[[ Task inputs open ]]

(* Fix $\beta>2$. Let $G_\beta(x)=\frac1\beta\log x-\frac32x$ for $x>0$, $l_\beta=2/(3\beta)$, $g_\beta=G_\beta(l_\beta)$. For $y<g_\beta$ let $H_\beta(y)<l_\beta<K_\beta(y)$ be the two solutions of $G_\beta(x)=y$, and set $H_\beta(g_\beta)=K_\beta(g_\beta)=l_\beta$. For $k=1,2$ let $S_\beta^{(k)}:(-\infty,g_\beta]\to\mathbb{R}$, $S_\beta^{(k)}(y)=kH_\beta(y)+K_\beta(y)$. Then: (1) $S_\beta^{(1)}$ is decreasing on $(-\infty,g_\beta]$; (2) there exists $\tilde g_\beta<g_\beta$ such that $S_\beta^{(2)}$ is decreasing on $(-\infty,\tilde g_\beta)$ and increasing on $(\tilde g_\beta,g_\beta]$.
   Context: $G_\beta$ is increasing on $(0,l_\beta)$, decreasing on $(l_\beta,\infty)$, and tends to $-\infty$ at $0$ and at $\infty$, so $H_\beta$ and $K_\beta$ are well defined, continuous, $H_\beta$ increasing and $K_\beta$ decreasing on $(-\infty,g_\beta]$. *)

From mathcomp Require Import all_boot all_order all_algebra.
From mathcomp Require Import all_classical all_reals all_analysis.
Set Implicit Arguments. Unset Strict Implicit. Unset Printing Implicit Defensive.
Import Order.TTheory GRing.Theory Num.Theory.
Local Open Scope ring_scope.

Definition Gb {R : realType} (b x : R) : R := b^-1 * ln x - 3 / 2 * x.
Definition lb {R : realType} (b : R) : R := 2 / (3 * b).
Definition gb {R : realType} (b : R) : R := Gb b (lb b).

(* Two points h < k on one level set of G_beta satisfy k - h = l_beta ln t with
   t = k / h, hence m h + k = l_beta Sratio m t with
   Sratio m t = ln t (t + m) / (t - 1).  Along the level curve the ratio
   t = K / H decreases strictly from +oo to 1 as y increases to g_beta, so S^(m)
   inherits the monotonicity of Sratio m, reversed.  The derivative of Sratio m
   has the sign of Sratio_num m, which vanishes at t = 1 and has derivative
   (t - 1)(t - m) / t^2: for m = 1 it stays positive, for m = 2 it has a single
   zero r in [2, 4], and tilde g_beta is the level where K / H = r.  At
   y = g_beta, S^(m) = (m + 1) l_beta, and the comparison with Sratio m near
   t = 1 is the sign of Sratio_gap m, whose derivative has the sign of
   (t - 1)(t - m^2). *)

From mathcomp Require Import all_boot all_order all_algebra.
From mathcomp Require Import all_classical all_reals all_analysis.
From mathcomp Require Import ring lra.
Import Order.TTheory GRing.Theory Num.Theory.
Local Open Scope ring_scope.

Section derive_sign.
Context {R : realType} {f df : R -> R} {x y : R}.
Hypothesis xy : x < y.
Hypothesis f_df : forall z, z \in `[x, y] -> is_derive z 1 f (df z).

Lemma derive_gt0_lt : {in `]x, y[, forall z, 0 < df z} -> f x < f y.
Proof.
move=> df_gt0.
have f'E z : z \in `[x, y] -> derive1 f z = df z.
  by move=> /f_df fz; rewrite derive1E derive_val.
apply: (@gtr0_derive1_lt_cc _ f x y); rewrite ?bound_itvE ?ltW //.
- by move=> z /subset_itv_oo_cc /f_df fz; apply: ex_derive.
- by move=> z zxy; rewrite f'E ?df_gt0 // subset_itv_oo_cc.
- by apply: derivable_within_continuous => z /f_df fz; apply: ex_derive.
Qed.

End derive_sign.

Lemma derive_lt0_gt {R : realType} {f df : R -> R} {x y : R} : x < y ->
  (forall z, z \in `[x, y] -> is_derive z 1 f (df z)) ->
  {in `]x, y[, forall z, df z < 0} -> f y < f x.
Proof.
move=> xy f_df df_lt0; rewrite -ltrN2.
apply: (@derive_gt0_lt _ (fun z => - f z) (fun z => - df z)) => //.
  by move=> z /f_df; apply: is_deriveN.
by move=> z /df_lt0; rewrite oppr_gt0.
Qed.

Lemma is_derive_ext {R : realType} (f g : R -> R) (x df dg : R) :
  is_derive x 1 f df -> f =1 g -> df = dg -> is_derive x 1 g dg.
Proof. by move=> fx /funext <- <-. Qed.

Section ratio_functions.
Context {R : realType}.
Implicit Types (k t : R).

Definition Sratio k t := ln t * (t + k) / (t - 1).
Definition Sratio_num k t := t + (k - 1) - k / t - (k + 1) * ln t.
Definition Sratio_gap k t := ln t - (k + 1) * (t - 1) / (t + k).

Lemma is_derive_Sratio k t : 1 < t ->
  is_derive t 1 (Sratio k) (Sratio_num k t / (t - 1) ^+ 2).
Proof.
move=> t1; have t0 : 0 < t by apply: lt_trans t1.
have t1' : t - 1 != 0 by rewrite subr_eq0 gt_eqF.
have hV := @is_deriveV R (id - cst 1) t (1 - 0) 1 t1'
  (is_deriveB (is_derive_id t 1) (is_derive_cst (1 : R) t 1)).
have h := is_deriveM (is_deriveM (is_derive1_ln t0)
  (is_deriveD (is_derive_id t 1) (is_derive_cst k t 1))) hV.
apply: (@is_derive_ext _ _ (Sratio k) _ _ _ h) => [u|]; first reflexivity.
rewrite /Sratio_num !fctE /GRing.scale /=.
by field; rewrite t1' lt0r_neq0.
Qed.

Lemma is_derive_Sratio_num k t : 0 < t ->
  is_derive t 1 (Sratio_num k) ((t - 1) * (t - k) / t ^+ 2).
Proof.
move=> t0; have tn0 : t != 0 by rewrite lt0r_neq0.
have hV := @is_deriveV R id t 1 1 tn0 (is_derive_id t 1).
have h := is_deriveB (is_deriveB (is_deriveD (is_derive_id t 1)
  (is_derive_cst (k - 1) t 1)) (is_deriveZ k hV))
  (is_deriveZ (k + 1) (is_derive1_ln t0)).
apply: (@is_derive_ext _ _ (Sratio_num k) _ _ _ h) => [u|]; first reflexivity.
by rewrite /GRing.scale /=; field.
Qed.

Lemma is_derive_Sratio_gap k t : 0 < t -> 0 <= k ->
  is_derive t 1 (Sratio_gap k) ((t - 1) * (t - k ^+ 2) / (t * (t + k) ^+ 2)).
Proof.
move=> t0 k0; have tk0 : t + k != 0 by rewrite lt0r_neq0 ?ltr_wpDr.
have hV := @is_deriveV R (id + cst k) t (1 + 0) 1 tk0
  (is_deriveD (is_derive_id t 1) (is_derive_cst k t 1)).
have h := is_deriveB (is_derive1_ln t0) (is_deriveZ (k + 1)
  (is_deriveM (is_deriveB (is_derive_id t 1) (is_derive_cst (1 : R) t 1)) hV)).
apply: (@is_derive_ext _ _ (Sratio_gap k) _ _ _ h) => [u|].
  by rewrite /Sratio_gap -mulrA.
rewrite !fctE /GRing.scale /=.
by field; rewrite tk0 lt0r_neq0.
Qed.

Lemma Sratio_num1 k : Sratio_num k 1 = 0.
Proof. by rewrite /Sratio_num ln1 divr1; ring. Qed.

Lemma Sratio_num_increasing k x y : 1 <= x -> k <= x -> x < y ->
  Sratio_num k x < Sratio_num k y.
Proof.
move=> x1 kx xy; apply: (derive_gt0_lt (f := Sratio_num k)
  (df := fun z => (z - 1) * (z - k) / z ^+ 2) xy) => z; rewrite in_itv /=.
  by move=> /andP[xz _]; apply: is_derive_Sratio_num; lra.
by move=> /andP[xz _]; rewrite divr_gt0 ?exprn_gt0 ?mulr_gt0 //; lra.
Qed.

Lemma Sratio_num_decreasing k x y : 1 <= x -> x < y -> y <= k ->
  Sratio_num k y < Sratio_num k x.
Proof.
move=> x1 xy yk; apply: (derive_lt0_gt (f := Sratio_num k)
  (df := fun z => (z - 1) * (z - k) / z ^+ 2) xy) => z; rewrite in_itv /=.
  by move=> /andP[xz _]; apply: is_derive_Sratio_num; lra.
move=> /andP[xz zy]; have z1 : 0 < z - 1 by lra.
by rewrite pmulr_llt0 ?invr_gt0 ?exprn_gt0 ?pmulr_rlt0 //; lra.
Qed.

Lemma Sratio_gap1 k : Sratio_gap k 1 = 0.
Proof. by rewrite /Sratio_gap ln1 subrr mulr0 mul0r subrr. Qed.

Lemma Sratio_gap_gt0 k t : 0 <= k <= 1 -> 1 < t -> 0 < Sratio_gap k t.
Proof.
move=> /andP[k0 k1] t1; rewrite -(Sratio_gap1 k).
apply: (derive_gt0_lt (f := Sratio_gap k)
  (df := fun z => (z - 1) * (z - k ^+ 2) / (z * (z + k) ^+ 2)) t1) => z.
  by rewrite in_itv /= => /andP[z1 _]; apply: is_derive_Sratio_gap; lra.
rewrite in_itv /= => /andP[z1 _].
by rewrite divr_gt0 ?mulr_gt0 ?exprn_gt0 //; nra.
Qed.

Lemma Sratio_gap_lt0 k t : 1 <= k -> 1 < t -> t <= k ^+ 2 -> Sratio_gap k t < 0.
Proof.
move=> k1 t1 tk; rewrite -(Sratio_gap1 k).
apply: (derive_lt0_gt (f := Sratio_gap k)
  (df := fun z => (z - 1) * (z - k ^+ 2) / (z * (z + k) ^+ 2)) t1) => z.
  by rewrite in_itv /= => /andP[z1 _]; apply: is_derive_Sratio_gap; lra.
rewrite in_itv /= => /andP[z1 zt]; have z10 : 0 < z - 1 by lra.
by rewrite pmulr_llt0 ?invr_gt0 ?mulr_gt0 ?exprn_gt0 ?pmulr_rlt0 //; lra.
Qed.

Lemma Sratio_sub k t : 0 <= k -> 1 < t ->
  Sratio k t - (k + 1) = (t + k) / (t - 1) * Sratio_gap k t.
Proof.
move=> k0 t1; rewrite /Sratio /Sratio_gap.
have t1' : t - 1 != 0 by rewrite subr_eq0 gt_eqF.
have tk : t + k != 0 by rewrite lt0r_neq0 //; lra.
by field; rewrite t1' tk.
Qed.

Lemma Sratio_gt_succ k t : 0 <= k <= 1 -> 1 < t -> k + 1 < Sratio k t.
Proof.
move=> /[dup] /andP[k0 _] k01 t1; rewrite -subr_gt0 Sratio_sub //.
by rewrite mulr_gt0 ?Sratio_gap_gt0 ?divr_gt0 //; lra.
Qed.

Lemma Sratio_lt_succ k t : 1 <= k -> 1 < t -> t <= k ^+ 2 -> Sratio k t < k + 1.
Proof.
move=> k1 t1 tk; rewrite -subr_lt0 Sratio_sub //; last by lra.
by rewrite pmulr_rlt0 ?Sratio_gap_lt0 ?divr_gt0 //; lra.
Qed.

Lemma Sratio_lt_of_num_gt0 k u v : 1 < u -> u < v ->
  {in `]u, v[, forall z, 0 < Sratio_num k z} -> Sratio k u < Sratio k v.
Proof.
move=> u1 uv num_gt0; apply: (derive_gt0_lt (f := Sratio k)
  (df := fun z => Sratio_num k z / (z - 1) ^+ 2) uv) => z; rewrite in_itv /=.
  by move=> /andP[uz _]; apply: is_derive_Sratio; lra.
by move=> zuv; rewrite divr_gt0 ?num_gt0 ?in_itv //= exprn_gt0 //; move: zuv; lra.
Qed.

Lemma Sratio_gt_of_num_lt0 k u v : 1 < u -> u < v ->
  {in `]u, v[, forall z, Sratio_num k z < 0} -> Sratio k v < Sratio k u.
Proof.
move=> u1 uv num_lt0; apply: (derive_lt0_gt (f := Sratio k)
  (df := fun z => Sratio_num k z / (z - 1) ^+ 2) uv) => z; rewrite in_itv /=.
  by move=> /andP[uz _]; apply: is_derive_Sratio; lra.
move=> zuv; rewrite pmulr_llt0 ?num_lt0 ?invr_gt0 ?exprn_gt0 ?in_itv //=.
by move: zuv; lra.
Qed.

[[ Task inputs closed ]]
[[ Task inputs open ]]

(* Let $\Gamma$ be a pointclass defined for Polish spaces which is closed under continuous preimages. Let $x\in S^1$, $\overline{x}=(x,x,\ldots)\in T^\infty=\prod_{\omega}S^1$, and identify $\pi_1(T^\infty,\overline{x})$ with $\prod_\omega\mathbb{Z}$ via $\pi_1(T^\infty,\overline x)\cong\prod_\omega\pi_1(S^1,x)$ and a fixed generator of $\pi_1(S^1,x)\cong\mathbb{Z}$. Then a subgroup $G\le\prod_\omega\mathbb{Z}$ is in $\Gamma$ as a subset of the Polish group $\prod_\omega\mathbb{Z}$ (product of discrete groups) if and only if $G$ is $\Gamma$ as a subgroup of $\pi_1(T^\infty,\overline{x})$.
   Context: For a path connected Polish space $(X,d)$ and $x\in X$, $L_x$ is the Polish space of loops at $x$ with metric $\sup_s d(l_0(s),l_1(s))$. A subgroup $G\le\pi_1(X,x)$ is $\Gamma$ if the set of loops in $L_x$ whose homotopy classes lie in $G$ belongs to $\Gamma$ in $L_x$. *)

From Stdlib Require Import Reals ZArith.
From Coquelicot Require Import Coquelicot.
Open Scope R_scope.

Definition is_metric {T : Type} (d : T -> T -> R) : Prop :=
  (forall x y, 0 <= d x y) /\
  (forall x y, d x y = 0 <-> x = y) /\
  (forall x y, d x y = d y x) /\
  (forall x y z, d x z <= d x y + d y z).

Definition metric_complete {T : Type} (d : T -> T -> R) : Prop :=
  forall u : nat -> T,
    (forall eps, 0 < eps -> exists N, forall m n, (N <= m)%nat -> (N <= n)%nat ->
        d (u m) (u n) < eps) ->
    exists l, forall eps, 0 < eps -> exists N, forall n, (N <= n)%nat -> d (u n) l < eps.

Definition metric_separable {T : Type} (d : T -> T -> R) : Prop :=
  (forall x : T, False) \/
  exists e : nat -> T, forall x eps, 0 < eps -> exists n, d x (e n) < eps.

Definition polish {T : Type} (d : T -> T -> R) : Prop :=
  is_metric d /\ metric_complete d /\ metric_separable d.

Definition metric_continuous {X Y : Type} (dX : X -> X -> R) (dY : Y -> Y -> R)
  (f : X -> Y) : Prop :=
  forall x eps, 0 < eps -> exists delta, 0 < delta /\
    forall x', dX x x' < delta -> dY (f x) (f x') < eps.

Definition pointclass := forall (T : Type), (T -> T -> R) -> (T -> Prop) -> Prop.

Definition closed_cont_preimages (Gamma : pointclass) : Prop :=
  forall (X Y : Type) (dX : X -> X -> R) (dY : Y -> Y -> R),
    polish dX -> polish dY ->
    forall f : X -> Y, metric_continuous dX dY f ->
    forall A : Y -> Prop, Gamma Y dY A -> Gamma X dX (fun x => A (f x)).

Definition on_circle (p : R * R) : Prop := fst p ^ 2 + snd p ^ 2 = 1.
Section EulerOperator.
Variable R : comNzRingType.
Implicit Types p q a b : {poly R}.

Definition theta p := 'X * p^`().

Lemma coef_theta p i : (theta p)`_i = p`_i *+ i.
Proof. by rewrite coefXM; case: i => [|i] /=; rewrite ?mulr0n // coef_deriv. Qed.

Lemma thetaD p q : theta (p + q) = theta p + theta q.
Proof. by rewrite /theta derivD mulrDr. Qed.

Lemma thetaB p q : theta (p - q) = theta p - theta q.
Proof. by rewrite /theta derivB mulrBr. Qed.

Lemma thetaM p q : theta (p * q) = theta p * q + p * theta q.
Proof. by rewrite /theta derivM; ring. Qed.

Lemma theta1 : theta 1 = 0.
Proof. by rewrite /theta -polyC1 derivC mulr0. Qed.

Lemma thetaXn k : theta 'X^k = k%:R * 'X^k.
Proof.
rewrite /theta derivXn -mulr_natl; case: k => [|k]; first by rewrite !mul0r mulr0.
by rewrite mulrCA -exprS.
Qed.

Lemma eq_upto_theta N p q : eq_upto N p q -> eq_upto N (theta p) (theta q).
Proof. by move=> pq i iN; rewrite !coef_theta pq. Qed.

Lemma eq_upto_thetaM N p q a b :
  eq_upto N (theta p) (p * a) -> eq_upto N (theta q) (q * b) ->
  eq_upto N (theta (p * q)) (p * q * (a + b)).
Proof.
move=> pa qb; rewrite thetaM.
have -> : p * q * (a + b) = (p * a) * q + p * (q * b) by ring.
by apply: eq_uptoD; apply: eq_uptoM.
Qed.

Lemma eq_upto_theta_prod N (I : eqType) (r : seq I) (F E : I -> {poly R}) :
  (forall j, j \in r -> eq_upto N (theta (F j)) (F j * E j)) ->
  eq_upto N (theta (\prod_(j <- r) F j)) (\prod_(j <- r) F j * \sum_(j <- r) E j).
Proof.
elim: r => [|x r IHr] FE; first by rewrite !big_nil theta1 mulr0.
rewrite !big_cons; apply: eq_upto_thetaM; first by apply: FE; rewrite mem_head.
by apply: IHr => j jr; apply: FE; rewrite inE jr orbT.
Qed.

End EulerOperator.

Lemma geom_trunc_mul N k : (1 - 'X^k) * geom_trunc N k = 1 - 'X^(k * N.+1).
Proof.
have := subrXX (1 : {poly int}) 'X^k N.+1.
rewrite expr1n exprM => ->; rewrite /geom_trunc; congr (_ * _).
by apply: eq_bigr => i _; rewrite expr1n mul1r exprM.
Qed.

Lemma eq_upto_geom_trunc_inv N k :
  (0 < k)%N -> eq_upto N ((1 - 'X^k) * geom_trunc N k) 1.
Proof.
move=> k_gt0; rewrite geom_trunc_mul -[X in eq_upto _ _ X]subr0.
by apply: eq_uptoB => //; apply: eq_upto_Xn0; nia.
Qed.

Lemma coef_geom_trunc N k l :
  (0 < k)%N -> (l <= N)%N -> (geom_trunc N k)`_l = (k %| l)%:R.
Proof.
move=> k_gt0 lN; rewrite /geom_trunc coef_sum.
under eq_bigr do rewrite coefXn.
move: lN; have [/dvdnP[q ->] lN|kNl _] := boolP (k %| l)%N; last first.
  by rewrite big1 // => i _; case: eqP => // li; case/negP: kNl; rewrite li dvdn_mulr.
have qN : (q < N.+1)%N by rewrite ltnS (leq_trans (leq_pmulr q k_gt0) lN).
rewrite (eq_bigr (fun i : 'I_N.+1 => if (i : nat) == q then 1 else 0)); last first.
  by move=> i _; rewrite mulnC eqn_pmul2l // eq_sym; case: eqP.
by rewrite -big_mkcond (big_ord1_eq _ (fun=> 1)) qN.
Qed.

[[ Task inputs closed ]]

- **The problem**: Look above for the line with "(* Fix $\beta>2$." and the line with "y = g_beta, S^(m)", and reproduce exactly those two lines plus every line between, nothing more.

- **Answer section**:
(* Fix $\beta>2$. Let $G_\beta(x)=\frac1\beta\log x-\frac32x$ for $x>0$, $l_\beta=2/(3\beta)$, $g_\beta=G_\beta(l_\beta)$. For $y<g_\beta$ let $H_\beta(y)<l_\beta<K_\beta(y)$ be the two solutions of $G_\beta(x)=y$, and set $H_\beta(g_\beta)=K_\beta(g_\beta)=l_\beta$. For $k=1,2$ let $S_\beta^{(k)}:(-\infty,g_\beta]\to\mathbb{R}$, $S_\beta^{(k)}(y)=kH_\beta(y)+K_\beta(y)$. Then: (1) $S_\beta^{(1)}$ is decreasing on $(-\infty,g_\beta]$; (2) there exists $\tilde g_\beta<g_\beta$ such that $S_\beta^{(2)}$ is decreasing on $(-\infty,\tilde g_\beta)$ and increasing on $(\tilde g_\beta,g_\beta]$.
   Context: $G_\beta$ is increasing on $(0,l_\beta)$, decreasing on $(l_\beta,\infty)$, and tends to $-\infty$ at $0$ and at $\infty$, so $H_\beta$ and $K_\beta$ are well defined, continuous, $H_\beta$ increasing and $K_\beta$ decreasing on $(-\infty,g_\beta]$. *)

From mathcomp Require Import all_boot all_order all_algebra.
From mathcomp Require Import all_classical all_reals all_analysis.
Set Implicit Arguments. Unset Strict Implicit. Unset Printing Implicit Defensive.
Import Order.TTheory GRing.Theory Num.Theory.
Local Open Scope ring_scope.

Definition Gb {R : realType} (b x : R) : R := b^-1 * ln x - 3 / 2 * x.
Definition lb {R : realType} (b : R) : R := 2 / (3 * b).
Definition gb {R : realType} (b : R) : R := Gb b (lb b).

(* Two points h < k on one level set of G_beta satisfy k - h = l_beta ln t with
   t = k / h, hence m h + k = l_beta Sratio m t with
   Sratio m t = ln t (t + m) / (t - 1).  Along the level curve the ratio
   t = K / H decreases strictly from +oo to 1 as y increases to g_beta, so S^(m)
   inherits the monotonicity of Sratio m, reversed.  The derivative of Sratio m
   has the sign of Sratio_num m, which vanishes at t = 1 and has derivative
   (t - 1)(t - m) / t^2: for m = 1 it stays positive, for m = 2 it has a single
   zero r in [2, 4], and tilde g_beta is the level where K / H = r.  At
   y = g_beta, S^(m) = (m + 1) l_beta, and the comparison with Sratio m near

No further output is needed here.